If $P_n=\alpha^n+\beta^n\;, \alpha+\beta=1, \;\alpha \cdot \beta=-1,\;P_{n-1}=11,\; P_{n+1}=29$, $\alpha$ and $\beta$ are real numbers. Find $(P_n)^2,\;$ where $n\in \mathbb N$
My Approach:
Method $1$ :
$P_{n-1}\cdot P_{n+1}=11\cdot 29 \implies\; (\alpha^{n-1}+\beta^{n-1})\cdot (\alpha^{n+1}+\beta^{n+1})=\alpha^{2n}+\beta^{2n}+(\alpha \beta)^{n-1}\cdot(\alpha^2+\beta^2)$
$\implies \; 319=P_{2n}+3 (-1)^{n-1}$
$\implies\;P_{2n}=319-3(-1)^{n-1} \implies P_{2n}=319+3(-1)^n$
Now
$(P_{n})^2=(\alpha^n+\beta^n)^2=\alpha^{2n}+\beta^{2n}+2(\alpha \beta)^n\;\implies\;(P_{n})^2=P_{2n}+2(-1)^n$
$\implies \; (P_{n})^2=319+5(-1)^n$
$\implies (P_n)^2=324\;$ If $n$ is even and $(P_n)^2=314\;$ if $n$ is odd.
But given answer is $324$ only.
Method $2$:
Form a quadratic equation with sum of roots and product of roots is given
$\alpha^2-\alpha-1=0\quad$ and $\quad\beta^2-\beta-1=0$
$\implies \;\alpha^{n+1}=\alpha^n+\alpha^{n-1}\cdots(1)\quad$ and $\quad \beta^{n+1}=\beta^{n}+\beta^{n-1}\cdots (2)$
Now add both equation $(1)+(2)$
$\implies$ $P_{n+1}=P_{n}+P_{n-1} \; \implies \; P_{n}=18$
$\implies \; (P_n)^2=324$.
My doubt: What is wrong with my method $1$ ?
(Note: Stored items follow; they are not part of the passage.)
Definition lift_edge e := if v \in e then e :\ v :|: s e else e.

Lemma mem_lift_edge e x : x \in e -> x != v -> x \in lift_edge e.
Proof.
by move=> xe xv; rewrite /lift_edge; case: ifP => // _; rewrite in_setU in_setD1 xv xe.
Qed.

Lemma splitting_edge_G1 g : g \in hE G1 -> g != et -> g \in hE G.
Proof. by move=> gE get; rewrite /= !inE gE get. Qed.

Lemma splitting_edge_lift e : e \in hE G2 -> lift_edge e \in hE G.
Proof.
rewrite /lift_edge => eE; case: ifP => ve; rewrite /= !inE.
  by apply/orP; right; apply/imsetP; exists e; rewrite // inE eE ve.
by rewrite eE ve orbT.
Qed.

Lemma splitting_edgeE g : g \in hE G ->
  (g \in hE G1 /\ g != et) \/ exists2 e, e \in hE G2 & g = lift_edge e.
Proof.
rewrite /= !inE => /orP[/orP[/andP[get gE] | /andP[gB gE]] | /imsetP[e]].
- by left.
- by right; exists g; rewrite // /lift_edge; move: gB; rewrite gE /= => /negbTE ->.
- by rewrite /boundary inE => /andP[eE ve] ->; right; exists e; rewrite // /lift_edge ve.
Qed.

Hypothesis hypG1 : is_hypergraph G1.
Hypothesis hypG2 : is_hypergraph G2.
Hypothesis disjV : hV G1 :&: hV G2 = set0.
Hypothesis etE : et \in hE G1.
Hypothesis adm : admissible et G2 v s.

Lemma V1_notin_V2 x : x \in hV G1 -> (x \in hV G2) = false.
Proof. by move=> x1; apply/negP => x2; have := in_set0 x; rewrite -disjV inE x1 x2. Qed.

Lemma V2_notin_V1 x : x \in hV G2 -> (x \in hV G1) = false.
Proof. by move=> x2; apply: contraTF x2 => /V1_notin_V2 ->. Qed.

Lemma et_sub_V1 : et \subset hV G1.
Proof. by case: (hypG1 etE). Qed.

Lemma image_sub_et e : e \in hE G2 -> v \in e -> s e \subset et.
Proof. by move=> eE ve; apply: (adm.1 e _).1; rewrite /boundary inE eE ve. Qed.

Lemma image_neq0 e : e \in hE G2 -> v \in e -> s e != set0.
Proof. by move=> eE ve; apply: (adm.1 e _).2; rewrite /boundary inE eE ve. Qed.

Lemma lift_edge_sub e : e \in hE G2 -> lift_edge e \subset (hV G2 :\ v) :|: et.
Proof.
move=> eE; have eV := subsetP (hypG2 eE).1; apply/subsetP => x.
rewrite /lift_edge in_setU in_setD1; case: ifP => ve.
  rewrite in_setU in_setD1 => /orP[/andP[-> /eV -> //] | xs].
  by rewrite (subsetP (image_sub_et eE ve) x xs) orbT.
by move=> xe; rewrite eV // andbT; apply/orP; left; apply: contraFneq ve => <-.
Qed.

Lemma lift_edge_meets_V2 e : e \in hE G2 -> exists2 y, y \in lift_edge e & y \in hV G2 :\ v.
Proof.
move=> eE; have [eV /(exists_other v) [y ye yv]] := hypG2 eE.
by exists y; [apply: mem_lift_edge | rewrite in_setD1 yv (subsetP eV)].
Qed.

Lemma splitting_hypergraph : is_hypergraph G.
Proof.
move=> g /splitting_edgeE [[gE _] | [e eE ->]].
  by have [gV g2] := hypG1 gE; split=> //; apply: subset_trans gV (subsetUl _ _).
split.
  apply: subset_trans (lift_edge_sub eE) _; rewrite /= setUC.
  exact: setSU et_sub_V1.
rewrite /lift_edge; case: ifP => ve; last exact: (hypG2 eE).2.
have [y] := lift_edge_meets_V2 eE; rewrite /lift_edge ve => ylift /setD1P [_ yV2].
have /set0Pn [w ws] := image_neq0 eE ve.
have wV1 : w \in hV G1 by rewrite (subsetP et_sub_V1) // (subsetP (image_sub_et eE ve)).
apply/card_gt1P; exists y, w; split=> //; first by rewrite in_setU ws orbT.
by apply: contraTneq yV2 => ->; rewrite V1_notin_V2.
Qed.

Lemma lift_edge_bichromatic phi chi e : e \in hE G2 ->
  {in hV G2 :\ v, phi =1 chi} -> {in et, forall w, phi w = chi v} ->
  bichromatic phi (lift_edge e) <-> bichromatic chi e.
Proof.
move=> eE eq_off_v eq_et; have eV := subsetP (hypG2 eE).1.
have eq_e x : x \in e -> x != v -> phi x = chi x.
  by move=> xe xv; rewrite eq_off_v // in_setD1 xv eV.
rewrite /lift_edge; case: ifP => ve; last first.
  have eq_in : {in e, phi =1 chi}.
    by move=> x xe; apply: eq_e => //; apply: contraFneq ve => <-.
  by split; apply: bichromatic_eq_in => // x /eq_in.
have sub_et := subsetP (image_sub_et eE ve).
split; apply: bichromatic_transfer => x.
  rewrite in_setU in_setD1 => /orP[/andP[xv xe] | xs]; first by exists x; rewrite ?eq_e.
  by exists v; rewrite ?eq_et ?sub_et.
move=> xe; have [-> | xv] := eqVneq x v.
  have /set0Pn [w ws] := image_neq0 eE ve.
  by exists w; rewrite ?in_setU ?ws ?orbT ?eq_et ?sub_et.
by exists x; rewrite ?in_setU ?in_setD1 ?xv ?xe ?eq_e.
Qed.

Variable k : nat.
Hypothesis critG1 : critical G1 k.
Hypothesis critG2 : critical G2 k.

Lemma et_nonempty : exists x0, x0 \in et.
Proof. by case: (hypG1 etE) => _ /ltnW /card_gt0P. Qed.

Lemma splitting_not_colorable : ~ colorable G k.
Proof.
move=> [phi [range edges]].
have colG1 : is_coloring (del_edge G1 et) k phi.
  split=> [x xV | g]; first by apply: range; rewrite /= in_setU xV.
  by rewrite in_setD1 => /andP[get gE]; apply/edges/splitting_edge_G1.
have [x0 x0et] := et_nonempty.
pose chi y := if y == v then phi x0 else phi y.
have off_v : {in hV G2 :\ v, phi =1 chi}.
  by move=> y /setD1P [yv _]; rewrite /chi (negbTE yv).
have on_et : {in et, forall w, phi w = chi v}.
  by move=> w wet; rewrite /chi eqxx (critical_monochromatic critG1 etE colG1 wet x0et).
apply: (critical_not_colorable critG2); exists chi; split.
  move=> y yV; rewrite /chi; case: eqP => [_ | /eqP yv]; apply: range; rewrite /= in_setU.
    by rewrite (subsetP et_sub_V1 x0 x0et).
  by rewrite in_setD1 yv yV orbT.
by move=> e eE; apply/(lift_edge_bichromatic eE off_v on_et)/edges/splitting_edge_lift.
Qed.

Lemma splitting_edge_not_sub_et g : g \in hE G -> ~~ (g \subset et).
Proof.
move=> /splitting_edgeE [[gE get] | [e eE ->]].
  by apply: contra get => /(critical_edges_antichain critG1 gE etE) ->.
have [y ylift /setD1P [_ yV2]] := lift_edge_meets_V2 eE.
apply/subsetPn; exists y => //.
by apply: contraTN yV2 => /(subsetP et_sub_V1) /V1_notin_V2 ->.
Qed.

Lemma splitting_covered x : 0 < k -> x \in hV G -> exists2 f, f \in hE G & x \in f.
Proof.
move=> k_gt0; rewrite /= in_setU => /orP[x1 | /setD1P [xv x2]].
  have [f fE xf] := critical_no_isolated critG1 k_gt0 x1.
  have [fet | fnet] := eqVneq f et; last by exists f; rewrite ?splitting_edge_G1.
  have /bigcupP [e] : x \in \bigcup_(e in boundary G2 v) s e by rewrite adm.2 -fet.
  rewrite /boundary inE => /andP[eE ve] xs.
  by exists (lift_edge e); rewrite ?splitting_edge_lift // /lift_edge ve in_setU xs orbT.
have [f fE xf] := critical_no_isolated critG2 k_gt0 x2.
by exists (lift_edge f); [apply: splitting_edge_lift | apply: mem_lift_edge].
Qed.

Hypothesis vV : v \in hV G2.

Lemma splitting_del_lift_edge_colorable h :
  h \in hE G2 -> colorable (del_edge G (lift_edge h)) k.
Proof.
move=> hE2; have [phi2 [range2 edges2]] := critical_del_edge_colorable critG2 hE2.
have [phi1 col1] := critical_del_edge_colorable critG1 etE; have [range1 edges1] := col1.
have [x0 x0et] := et_nonempty; have x0V1 := subsetP et_sub_V1 x0 x0et.
pose psi x := if x \in hV G1 then swap_colors (phi1 x0) (phi2 v) (phi1 x) else phi2 x.
have off_v : {in hV G2 :\ v, psi =1 phi2}.
  by move=> x /setD1P [_ x2]; rewrite /psi V2_notin_V1.
have on_et : {in et, forall w, psi w = phi2 v}.
  move=> w wet; rewrite /psi (subsetP et_sub_V1 w wet).
  by rewrite (critical_monochromatic critG1 etE col1 wet x0et) /swap_colors eqxx.
exists psi; split.
  move=> x; rewrite /= in_setU /psi; case: ifP => [x1 _ | _ /setD1P [_ /range2] //].
  by apply: swap_colors_range; [apply: range1 | apply: range2 | apply: range1].
move=> g; rewrite /= in_setD1 => /andP[gh gE].
have [[gE1 get] | [e eE ge]] := splitting_edgeE gE.
  apply: (bichromatic_comp (inv_inj (swap_colorsK _ _))) (edges1 g _).
    by move=> x /(subsetP (hypG1 gE1).1) x1; rewrite /psi x1.
  by rewrite in_setD1 get.
rewrite ge in gh *; apply/(lift_edge_bichromatic eE off_v on_et)/edges2.
by rewrite in_setD1 eE andbT; apply: contraNneq gh => ->.
Qed.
Since $P_n = \alpha^n + \beta^n $, then $P_n$ satisfies the difference equation
$ (E - \alpha)(E - \beta) P_n = 0 $
where $E$ is the advance operator, i.e. $E\left(P_n\right) = P_{n+1}$
Hence, multiplying the operators, we get the difference equation
$P_{n+2} - (\alpha + \beta) P_{n+1} + \alpha \beta P_{n} = 0 $
Substituting the given values of $(\alpha + \beta)$ and $\alpha \beta$,
$P_{n+2} - P_{n+1} - P_{n} = 0 $
That is,
$P_{n+2} = P_{n+1} + P_n$
Now
$P_1 = \alpha + \beta = 1 $
$P_2 = \alpha^2 + \beta^2 = (\alpha+\beta)^2 - 2 \alpha \beta = 3 $
Therefore, the sequence $\{P_n\}$ is as follows:
$1, 3, 4, 7, 11, 18, 29, 47, ... $
We already see our terms $11$ and $29$ , hence the one between them is $ 18 $, whose square is $324$